Instructions to follow.
Within the records below, find each line that holds the string "subrr", then copy it.

(Collected data)

++++++++++++++++++++

(* Cauchy-Schwarz from the polarization identity and the triangle inequality. *)
Lemma ip_le_norm x y : ip x y <= `|x| * `|y|.
Proof.
have polar : 4 * ip x y = `|x + y| ^+ 2 - `|x - y| ^+ 2.
  by rewrite !normD_sqr normrN ipNr; ring.
have le_sum : `|x + y| ^+ 2 <= (`|x| + `|y|) ^+ 2.
  by rewrite ler_sqr ?nnegrE ?addr_ge0 // ler_normD.
have le_diff : (`|x| - `|y|) ^+ 2 <= `|x - y| ^+ 2.
  by rewrite -real_normK ?num_real // ler_sqr ?nnegrE // ler_dist_dist.
nra.
Qed.

Lemma normr_ip_le x y : `|ip x y| <= `|x| * `|y|.
Proof.
rewrite ler_norml ip_le_norm andbT lerNl -ipNr -(normrN y).
exact: ip_le_norm.
Qed.

Lemma ip_span_eq0 x n (e : 'I_n -> V) z :
  (forall i, ip x (e i) = 0) -> span e z -> ip x z = 0.
Proof.
by move=> xe [c _ <-]; rewrite ip_lincombr big1 // => i _; rewrite xe mulr0.
Qed.

Lemma orth_proj_exists n (e : 'I_n -> V) x :
  exists y, span e y /\ forall z, span e z -> ip (x - y) z = 0.
Proof.
elim: n e x => [|n IH] e x.
  exists 0; split=> [|z [c _ <-]]; first exact: span0.
  by rewrite big_ord0 ip0r.
have -> : e = ord_rcons (e \o lift ord_max) (e ord_max).
  by apply: funext => i; case: (unliftP ord_max i) => [k ->|->];
    rewrite ?ord_rcons_lift ?ord_rcons_max.
move: (e \o _) (e ord_max) => b w.
have [p [bp xp_b]] := IH b x.
have [q [bq wq_b]] := IH b w.
pose r := w - q.
(* If [r = 0] the coefficient is [0 / 0 = 0], so [y = p]. *)
pose y := p + (ip (x - p) r / ip r r) *: r.
have xy_b z : span b z -> ip (x - y) z = 0.
  move=> bz; rewrite opprD addrA (ipBl (x - p)) ipZl (xp_b z bz) (wq_b z bz).
  by rewrite mulr0 subr0.
have xy_r : ip (x - y) r = 0.
  rewrite opprD addrA (ipBl (x - p)) ipZl.
  have [rr0|rr_neq0] := eqVneq (ip r r) 0; last by rewrite mulfVK // subrr.
  by rewrite (ipxx_eq0 rr0) ip0r !mul0r subr0.
exists y; split.
  apply/spanD/spanZ/spanB; first exact: span_ord_rcons bp.
    exact: span_ord_rcons_max.
  exact: span_ord_rcons bq.
move=> z; apply: ip_span_eq0 => i; case: (unliftP ord_max i) => [k ->|->].
  by rewrite ord_rcons_lift xy_b //; apply: span_vec.
by rewrite ord_rcons_max -(subrK q w) ipDr xy_r xy_b ?add0r.
Qed.

Lemma orth_projP n (e : 'I_n -> V) x :
  span e (orth_proj ip (span e) x) /\
  forall z, span e z -> ip (x - orth_proj ip (span e) x) z = 0.
Proof. exact: xgetPex (orth_proj_exists e x). Qed.

Lemma orth_proj_dist_le n (e : 'I_n -> V) x v :
  span e v -> `|x - orth_proj ip (span e) x| <= `|x - v|.
Proof.
move=> ev; have [ey xy_e] := orth_projP e x.
set y := orth_proj _ _ x in ey xy_e *.
have ye_v : span e (y - v) by apply: spanB.
have := normD_sqr (x - y) (y - v); rewrite xy_e // mulr0 addr0 addrA subrK.
by move=> pythagoras; rewrite -ler_sqr ?nnegrE // pythagoras lerDl sqr_ge0.
Qed.

Lemma orth_proj_id n (e : 'I_n -> V) x : span e x -> orth_proj ip (span e) x = x.
Proof.
move=> /(orth_proj_dist_le x); rewrite subrr normr0 normr_le0 subr_eq0.
by move=> /eqP.
Qed.

Lemma dist_span_orth_proj n (e : 'I_n -> V) x :
  ereal_inf [set (`|x - v|)%:E | v in span e] = (`|x - orth_proj ip (span e) x|)%:E.
Proof.
apply/eqP; rewrite eq_le; apply/andP; split.
  by apply: ereal_inf_lbound; exists (orth_proj ip (span e) x) => //; case: (orth_projP e x).
by apply: le_ereal_inf_tmp => _ [v ev <-]; rewrite lee_fin orth_proj_dist_le.
Qed.

Lemma lin_indep_not_span_lift m (u : 'I_m.+1 -> V) i :
  lin_indep u -> ~ span (u \o lift i) (u i).
Proof.
move=> indep_u [c _ uiE].
pose d j := if unlift i j is Some k then c k else -1.
suff /indep_u/(_ i)/eqP : \sum_j d j *: u j = 0.
  by rewrite /d unlift_none oppr_eq0 oner_eq0.
rewrite (bigD1_ord i) //= /d unlift_none.
by under eq_bigr do rewrite liftK; rewrite uiE scaleN1r addNr.
Qed.

Lemma biorthogonal_exists m (u : 'I_m.+1 -> V) :
  lin_indep u -> forall i, exists w, forall j, ip (u j) w = (j == i)%:R.
Proof.
move=> indep_u i.
have [y [uy ui_y]] := orth_proj_exists (u \o lift i) (u i).
pose r := u i - y.
have rr_neq0 : ip r r != 0.
  apply: contra_notN (lin_indep_not_span_lift (i := i) indep_u) => /eqP/ipxx_eq0/eqP.
  by rewrite subr_eq0 => /eqP ->.
exists ((ip r r)^-1 *: r) => j; rewrite ipZr.
case: (unliftP i j) => [k ->|->].
  have r_uk : ip r (u (lift i k)) = 0 by apply/ui_y/(@span_vec _ _ _ (u \o lift i)).
  by rewrite eq_sym (negbTE (neq_lift i k)) (ipC (u _)) r_uk mulr0.
have ui_r : ip (u i) r = ip r r.
  by rewrite -{1}(subrK y (u i)) ipDl (ipC y) (ui_y y uy) addr0.
by rewrite eqxx ui_r mulVf.
Qed.

(* Let [W] be biorthogonal to [u].  If each [u i] were within [eta] of some
   [P i] in the [m]-dimensional [span e], a nontrivial relation [a] among the
   [P i] would give [a i = ip (\sum_j a j *: (u j - P j)) (W i)], hence
   [\sum |a i| <= eta * \sum |a i| * \sum |W i|]: impossible for
   [eta < 1 / \sum |W i|]. *)
Lemma lin_indep_far_from_span m (u : 'I_m.+1 -> V) : lin_indep u ->
  exists2 eta : R, 0 < eta & forall e : 'I_m -> V,
    exists i, forall v, span e v -> eta <= `|u i - v|.
Proof.
move=> indep_u; have [W uW] := choice (biorthogonal_exists indep_u).
pose Ws := \sum_i `|W i|.
have Ws_ge0 : 0 <= Ws by apply: sumr_ge0.
exists (Ws + 1)^-1 => [|e]; first by rewrite invr_gt0 ltr_wpDl.
apply: contrapT => far.
have /choice[P uP] : forall i, exists v, span e v /\ `|u i - v| < (Ws + 1)^-1.
  move=> i; apply: contrapT => near; apply: far; exists i => v ev.
  by rewrite leNgt; apply/negP => uv; apply: near; exists v.
have : ~ lin_indep P.
  by move=> /lin_indep_leq_span/(_ (fun i => (uP i).1)); rewrite ltnn.
move=> /existsNP[a /not_implyP[Pa0 /existsNP[i0 ai0]]].
pose D := \sum_j a j *: (u j - P j).
have aE i : a i = ip D (W i).
  have -> : D = \sum_j a j *: u j.
    by rewrite /D; under eq_bigr do rewrite scalerBr; rewrite sumrB Pa0 subr0.
  rewrite ip_lincombl (bigD1 i) //= uW eqxx mulr1 big1 ?addr0 // => j /negbTE ji.
  by rewrite uW ji mulr0.
pose S := \sum_i `|a i|.
have S_gt0 : 0 < S.
  have ai0_gt0 : 0 < `|a i0| by rewrite normr_gt0; apply/eqP.
  by apply: lt_le_trans ai0_gt0 _; rewrite /S (bigD1 i0) //= lerDl sumr_ge0.
have S_le : S <= `|D| * Ws.
  by rewrite /S /Ws mulr_sumr; apply: ler_sum => i _; rewrite aE normr_ip_le.
have D_le : `|D| * (Ws + 1) <= S.
  rewrite -ler_pdivlMr ?ltr_wpDl // /D /S mulr_suml.
  apply: le_trans (ler_norm_sum _ _ _) _; apply: ler_sum => j _.
  by rewrite normrZ ler_wpM2l // ltW // (uP j).2.
have D0 : `|D| = 0.
  by apply/eqP; rewrite eq_le normr_ge0 andbT; rewrite mulrDr mulr1 in D_le; lra.
by move: S_le; rewrite D0 mul0r; lra.
Qed.

End InnerProduct.

Section Compact.
Context {R : realType} {V W : normedModType R}.

Lemma compact_finite_net (K : set V) (r : R) : compact K -> 0 < r ->
  exists m (v : 'I_m -> V), forall u, K u -> exists i, `|v i - u| < r.
Proof.
rewrite compact_cover => cK r_gt0.
have [D _ KD] : finite_subset_cover K (fun x => ball x r) K.
  apply: cK => [x _|u Ku]; first exact: ball_open.
  by exists u => //; apply: ballxx.
pose s := finmap.enum_fset D.
exists (size s), (fun i => nth 0 s i) => u /KD[x xD].
rewrite -ball_normE /= => xu.
have xs : (index x s < size s)%N by rewrite index_mem.
by exists (Ordinal xs); rewrite /= nth_index // -index_mem.
Qed.

Lemma seq_bounds (T : eqType) (s : seq T) (g h : T -> R) :
  (forall x, 0 < g x) ->
  exists d L, [/\ 0 < d, 0 <= L & forall x, x \in s -> d <= g x /\ h x <= L].
Proof.
move=> g_gt0; elim: s => [|a s [d [L [d_gt0 L_ge0 sdL]]]].
  by exists 1, 0; split.
exists (Num.min d (g a)), (Num.max L (h a)); split.
- by rewrite lt_min d_gt0 g_gt0.
- by rewrite le_max L_ge0.
move=> x; rewrite inE => /orP[/eqP->|/sdL[dx xL]].
  by rewrite ge_min le_max !lexx !orbT.
by rewrite ge_min le_max dx xL.
Qed.

Lemma locally_lipschitz_compact (f : V -> W) (K : set V) :
  locally_lipschitz f -> compact K ->
  exists d L, [/\ 0 < d, 0 <= L & forall y z, K y -> `|y - z| < d ->
     `|f y - f z| <= L * `|y - z|].
Proof.
move=> f_lip; rewrite compact_cover => cK.
have /choice[rL frL] : forall x, exists rL : R * R, 0 < rL.1 /\ forall y z,
    ball x rL.1 y -> ball x rL.1 z -> `|f y - f z| <= rL.2 * `|y - z|.
  by move=> x; have [r [r_gt0 [L fL]]] := f_lip x; exists (r, L).
have [D _ KD] : finite_subset_cover K (fun x => ball x ((rL x).1 / 2)) K.
  apply: cK => [x _|u Ku]; first exact: ball_open.
  by exists u => //; apply: ballxx; rewrite divr_gt0 ?(frL u).1.
have [d [L [d_gt0 L_ge0 DdL]]] :=
  seq_bounds (finmap.enum_fset D) (fun x => (rL x).2)
    (fun x => divr_gt0 (frL x).1 (ltr0Sn _ 1)).
exists d, L; split => // y z Ky yz.
have [x xD] := KD y Ky; rewrite -ball_normE /= => xy.
have [dx xL] := DdL x xD.
have r_gt0 := (frL x).1.
apply: le_trans ((frL x).2 y z _ _) _; rewrite -?ball_normE /=.
- lra.
- by have := ler_normD (x - y) (y - z); rewrite addrA subrK; lra.
- by rewrite ler_wpM2r.
Qed.

End Compact.

Section KolmogorovWidth.
Context {R : realType} {V : normedModType R}.
(* (1) If $L_1,L_2\in\mathbb{L}^{>0}(\mathrm{QBA}|\mathrm{ND})$ (over the same alphabet $\Sigma$), then $L_1\cup L_2\in\mathbb{L}^{>0}(\mathrm{QBA}|\mathrm{ND})$. (2) Let $\lambda\in(0,1)$. If $L_1,L_2\in\mathbb{L}^{>\lambda}(\mathrm{QBA}|\mathrm{ND})$ (over the same alphabet), then there is a sequence of $\omega$-languages $L^{(k)}\in\mathbb{L}^{>\lambda}(\mathrm{QBA}|\mathrm{ND})$, $k\in\mathbb{N}$, with $\lim_{k\to\infty}L^{(k)}=L_1\cup L_2$. (3) For $\lambda\in(0,1)$, $\mathbb{L}^{>\lambda}(\mathrm{QBA}|\mathrm{ND})$ is not closed in the limit: there is a sequence of languages in $\mathbb{L}^{>\lambda}(\mathrm{QBA}|\mathrm{ND})$ whose limit exists and does not belong to $\mathbb{L}^{>\lambda}(\mathrm{QBA}|\mathrm{ND})$. (4) For $\lambda\in[0,1)$, $\mathbb{L}^{>\lambda}(\mathrm{QBA}|\mathrm{ND})$ is not closed under complementation (relative to $\Sigma^\omega$). (5) For $\lambda\in[0,1)$, $\mathbb{L}^{>\lambda}(\mathrm{QBA}|\mathrm{ND})$ is not closed under intersection.
   Context: A quantum automaton is a tuple $\mathcal{A}=(\mathcal{H},|s_0\rangle,\Sigma,\{U_\sigma:\sigma\in\Sigma\},F)$ where $\mathcal{H}$ is a finite-dimensional complex Hilbert space, $|s_0\rangle$ a unit vector, $\Sigma$ a finite alphabet, each $U_\sigma$ unitary, and $F$ a subspace. For $w=\sigma_1\sigma_2\cdots\in\Sigma^\omega$ the non-disturbing run is $|s_n\rangle=U_{\sigma_n}\cdots U_{\sigma_1}|s_0\rangle$, and $f^{\mathrm{ND}}_{\mathcal{A}}(w)=\sup_{|\psi\rangle}\sup_{\{n_i\}}\inf_{i\ge1}|\langle\psi|s_{n_i}\rangle|^2$ (sup over unit $|\psi\rangle\in F$ and strictly increasing sequences $0\le n_1<n_2<\cdots$). For $\lambda\in[0,1)$, $\mathcal{L}^{>\lambda}(\mathcal{A}|\mathrm{ND})=\{w\in\Sigma^\omega:f^{\mathrm{ND}}_{\mathcal{A}}(w)>\lambda\}$ and $\mathbb{L}^{>\lambda}(\mathrm{QBA}|\mathrm{ND})$ is the class of all such languages as $\mathcal{A}$ ranges over quantum automata. The limit of a sequence of sets $L^{(k)}$ is understood in the set-theoretic sense: $\lim_k L^{(k)}=L$ means $\liminf_k L^{(k)}=\limsup_k L^{(k)}=L$. *)

From HB Require Import structures.
From mathcomp Require Import all_boot all_order all_algebra.
From mathcomp Require Import boolp classical_sets reals.
From mathcomp Require Import complex.
Set Implicit Arguments. Unset Strict Implicit. Unset Printing Implicit Defensive.
Import Order.TTheory GRing.Theory Num.Theory.
Local Open Scope ring_scope.
Local Open Scope classical_set_scope.

Section QA.
Variable R : realType.
Local Notation C := (complex.complex R).

Definition sqmod (z : C) : R := (complex.Re z) ^+ 2 + (complex.Im z) ^+ 2.

Definition adjmx m n (A : 'M[C]_(m, n)) : 'M[C]_(n, m) := (map_mx (@complex.conjc R) A)^T.

Definition innerp d (psi s : 'cV[C]_d) : C := (adjmx psi *m s) 0 0.

Definition unit_vec d (v : 'cV[C]_d) : Prop := \sum_(i < d) sqmod (v i 0) = 1.

Definition unitary d (U : 'M[C]_d) : Prop :=
  adjmx U *m U = 1%:M /\ U *m adjmx U = 1%:M.

(* A quantum automaton over the finite alphabet Sigma.  The Hilbert space is
   C^qa_dim; the subspace F is the row space of qa_F, a column vector psi
   lies in F iff (psi^T <= qa_F)%MS. *)
Record qautomaton (Sigma : finType) := QAutomaton {
  qa_dim : nat;
  qa_init : 'cV[C]_qa_dim;
  qa_U : Sigma -> 'M[C]_qa_dim;
  qa_F : 'M[C]_qa_dim;
  qa_init_unit : unit_vec qa_init;
  qa_U_unitary : forall a, unitary (qa_U a)
}.

Definition in_F Sigma (A : qautomaton Sigma) (psi : 'cV[C]_(qa_dim A)) : bool :=
  (psi^T <= qa_F A)%MS.
Arguments in_F {Sigma} A psi.

(* non-disturbing run: s_0 = init, s_(n+1) = U_(w n) s_n
   (the word w = sigma_1 sigma_2 ... is w 0, w 1, ...) *)
Fixpoint run Sigma (A : qautomaton Sigma) (w : nat -> Sigma) (n : nat)
  : 'cV[C]_(qa_dim A) :=
  match n with
  | 0 => qa_init A
  | n'.+1 => qa_U A (w n') *m run A w n'
  end.

Definition strictly_increasing (ns : nat -> nat) : Prop :=
  forall i, (ns i < ns i.+1)%N.

Definition fND Sigma (A : qautomaton Sigma) (w : nat -> Sigma) : R :=
  sup [set x : R | exists psi : 'cV[C]_(qa_dim A),
         [/\ unit_vec psi, in_F A psi &
           exists ns : nat -> nat, strictly_increasing ns /\
             x = inf [set y : R | exists i : nat,
                        y = sqmod (innerp psi (run A w (ns i)))]]].

Definition langND Sigma (A : qautomaton Sigma) (lambda : R) : set (nat -> Sigma) :=
  [set w | lambda < fND A w].

Definition QBA_ND (Sigma : finType) (lambda : R) (L : set (nat -> Sigma)) : Prop :=
  exists A : qautomaton Sigma, L = langND A lambda.

End QA.

Definition set_liminf T (Ls : nat -> set T) : set T :=
  [set x | exists k, forall j, (k <= j)%N -> Ls j x].
Definition set_limsup T (Ls : nat -> set T) : set T :=
  [set x | forall k, exists j, (k <= j)%N /\ Ls j x].
Definition set_lim_is T (Ls : nat -> set T) (L : set T) : Prop :=
  set_liminf Ls = L /\ set_limsup Ls = L.

(* Unitary orbits are recurrent: by pigeonhole on a finite grid of the unit
   ball, U^m x returns arbitrarily close to x for infinitely many m.  So if
   |<psi|s_n>|^2 >= c > lambda for infinitely many n, fix one such n: the word
   that agrees with w before n and then repeats a single letter forever is
   still accepted, as its run keeps returning near s_n.  Hence no language of the class can demand infinitely many
   occurrences of a letter.  A counter automaton, permuting basis vectors
   cyclically to count the letters [true] modulo m, accepts the words whose count
   hits a given residue infinitely often: every word with infinitely many [true]s
   and no word whose count is eventually constant.  Freezing such words refutes
   closure under complement, intersection and limits.

   After a unitary change of basis F is spanned by coordinate vectors, and a
   word is accepted iff the mass q_n of the run on these coordinates satisfies
   limsup q_n > lambda.  Weighted direct sums average masses and tensor powers
   raise them to powers.  Thus limsup (q1 + q2)/2 > 0 defines the union of the
   two languages for lambda = 0, and limsup (q1^k + q2^k)/2 > lambda^k, which
   behaves like limsup max(q1, q2) > lambda, defines languages of the class
   converging to the union. *)

From HB Require Import structures.
From mathcomp Require Import all_boot all_order all_algebra all_fingroup.
From mathcomp Require Import boolp classical_sets reals.
From mathcomp Require Import complex sesquilinear spectral mxtens.
From mathcomp Require Import ring lra.
Set Implicit Arguments. Unset Strict Implicit. Unset Printing Implicit Defensive.
Import Order.TTheory GRing.Theory Num.Theory.
Local Open Scope ring_scope.
Local Open Scope classical_set_scope.

Section ComplexVectors.
Variable R : realType.
Local Notation C := (complex.complex R).

Lemma conjCE (z : C) : Num.conj z = complex.conjc z.
Proof.
have [->|nz] := eqVneq z 0; first by rewrite conjC0 complex.conjc0.
by apply: (mulfI nz); rewrite -normCK complex.sqr_normc.
Qed.

Lemma sqmodE (z : C) : (sqmod z)%:C%C = `|z| ^+ 2.
Proof. exact: complex.add_Re2_Im2. Qed.

Lemma sqmodJ (z : C) : (sqmod z)%:C%C = z^*%C * z.
Proof. by rewrite sqmodE complex.sqr_normc mulrC. Qed.

Lemma sqmod_ge0 (z : C) : 0 <= sqmod z.
Proof. by rewrite addr_ge0 // sqr_ge0. Qed.

Lemma sqmodM (x y : C) : sqmod (x * y) = sqmod x * sqmod y.
Proof. by case: x y => a b [c d]; rewrite /sqmod /=; ring. Qed.

Lemma sqmod_real (r : R) : sqmod r%:C%C = r ^+ 2.
Proof. by rewrite /sqmod /= expr0n /= addr0. Qed.

Lemma sqmodD_ge (a b : C) (e : R) : 0 <= e -> sqmod a <= 1 -> sqmod b <= e ^+ 2 ->
  sqmod a - 2 * e <= sqmod (a + b).
Proof.
case: a b => p q [r s]; rewrite /sqmod /= => e0 ha hb.
have lagrange : (p * r + q * s) ^+ 2 <= (p ^+ 2 + q ^+ 2) * (r ^+ 2 + s ^+ 2).
  by have := sqr_ge0 (p * s - q * r); nra.
have : (p * r + q * s) ^+ 2 <= e ^+ 2.
  apply: le_trans lagrange _; rewrite -[e ^+ 2]mul1r.
  by apply: ler_pM => //; rewrite addr_ge0 // sqr_ge0.
have := sqr_ge0 r; have := sqr_ge0 s; nra.
Qed.

Definition norm2 d (v : 'cV[C]_d) : R := \sum_i sqmod (v i 0).

Lemma sqmod_le_norm2 d (v : 'cV[C]_d) i : sqmod (v i 0) <= norm2 v.
Proof. by rewrite /norm2 (bigD1 i) //= lerDl sumr_ge0 // => j _; apply: sqmod_ge0. Qed.

Lemma norm2Z d (k : C) (v : 'cV[C]_d) : norm2 (k *: v) = sqmod k * norm2 v.
Proof. by rewrite /norm2 mulr_sumr; apply: eq_bigr => i _; rewrite mxE sqmodM. Qed.

Lemma innerpE d (psi s : 'cV[C]_d) : innerp psi s = \sum_i (psi i 0)^*%C * s i 0.
Proof. by rewrite /innerp /adjmx !mxE; apply: eq_bigr => i _; rewrite !mxE. Qed.

Lemma innerpDr d (psi x y : 'cV[C]_d) : innerp psi (x + y) = innerp psi x + innerp psi y.
Proof. by rewrite /innerp mulmxDr mxE. Qed.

++++++++++++++++++++

Result for this task.
  have [rr0|rr_neq0] := eqVneq (ip r r) 0; last by rewrite mulfVK // subrr.
move=> /(orth_proj_dist_le x); rewrite subrr normr0 normr_le0 subr_eq0.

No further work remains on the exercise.